Emily was one of the most fully human beings I’ve ever met. Her life magnified love and affection for those fortunate enough to meet her along the way. Several generations in town credit her with a love of books and great literature. She was my first employer when I was twelve and had an after school job accessioning books in the one room library next to the old jail. In her thirty plus years as the city librarian, she built the library to one of the finest smaller libraries in the United States and received numerous awards for her contributions. She was constantly invited to conferences or workshops. The governor acknowledged her achievements at her retirement, and then Social Security gave her a hassle about getting her payments because she’d worked twenty years past the usual age to apply for benefits.

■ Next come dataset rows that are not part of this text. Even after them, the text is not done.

Lemma strongly_degenerate_avoidable S g : 0 < d -> 4 * (4 * d) ^ d < q ->
  strongly_degenerate d G -> local_on S g -> within_budget S g -> avoidable S g.
Proof.
move=> d_gt0 q_large sdeg; have [n] := ubnP #|S|; elim: n S g => // n IH S g.
rewrite ltnS => card_S g_local g_budget.
have [S0 | /sdeg] := eqVneq S set0.
  have q_gt0 : 0 < q by lia.
  by exists [ffun=> Ordinal q_gt0] => v; rewrite S0 inE.
case/(_ [set A in edges G | A \subset S] (induced_subgraph S)) => v /removable_induced.
case=> vS deg_v heavy_v.
apply: (avoidable_remove_vertex (v := v)) => // g' g'_local g'_budget.
by apply: IH => //; rewrite (cardsD1 v) vS in card_S.
Qed.

End HatGame.

Lemma strongly_degenerate_HG_le (G : sgraph) d :
  0 < d -> strongly_degenerate d G -> HG_le G (4 * (4 * d) ^ d).
Proof.
move=> d_gt0 sdeg q [f win]; rewrite leqNgt; apply/negP => q_large.
pose g v (c : {ffun G -> 'I_q}) := [set f v [ffun w : nbhd_type v => c (val w)]].
have [c avoid_c] : avoidable [set: G] g.
  apply: (strongly_degenerate_avoidable (d := d)) => // [v _ c c' cc' | v c _].
    by congr [set f v _]; apply/ffunP => w; rewrite !ffunE; apply: cc' (valP w).
  by rewrite cards1 expn_gt0 muln_gt0 d_gt0.
have [v fv] := win c.
by have := avoid_c v (in_setT v); rewrite in_set1 fv eqxx.
Qed.

Unset Implicit Arguments.

Theorem corollary1p6 (GC : sgraph -> Prop) (s : nat) :
  bounded_expansion GC ->
  exists d : nat, 1 <= d /\
    forall G : sgraph, GC G -> K2s_free G s ->
      strongly_degenerate d G /\ HG_le G ((2 * d) ^ d).
Proof.
move=> BE; have [C nabC] := BE 1.
have [D D_gt0 large] := rat_le_nat_eventually (2%:R * C * (1 + s%:R * C))%R.
exists (4 * D); split; first by lia.
move=> G GG K2; have degenerate n : D <= n -> strongly_degenerate n G.
  by move/large; apply: K2s_free_strongly_degenerate (nabC G GG) K2.
split; first by apply: degenerate; lia.
move=> q /(strongly_degenerate_HG_le D_gt0 (degenerate D (leqnn D))) q_le.
exact: leq_trans q_le (hat_bound_le D_gt0).
Qed.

Over a decade ago, I accompanied her to the hospital to see her first great, great grandchild. I witnessed her will. I pressed the things she still hates to iron when she had a hot date, repaired her broken jewelry and coveted her shoes even though trying to fit one would be like a step-sister trying to fold her foot into Cinderella’s glass slipper.
She hadn’t been to visit in awhile because the last time I’d taken her to the emergency room and she was hospitalized for several days. She said she wouldn’t put me through that again, although the real truth was, it was getting increasingly uncomfortable for her to fly. She had health issues since she was a young woman and still went a hundred miles an hour. Hospitals intruded in her way of life frequently and much too often lately. Emily was crusty and feisty and the last thing she said to me was she appreciated her Lord Jesus more and more every day. That’s when I knew she was going.
I have to get in a long line because Emily belongs to a community and a state that love her. She made the place around her bright with light and hope, even when her life was a personal struggle a great deal of the time. She left people and places better than she found them. She left me better.
I always told her I want to be just like her when I grow up.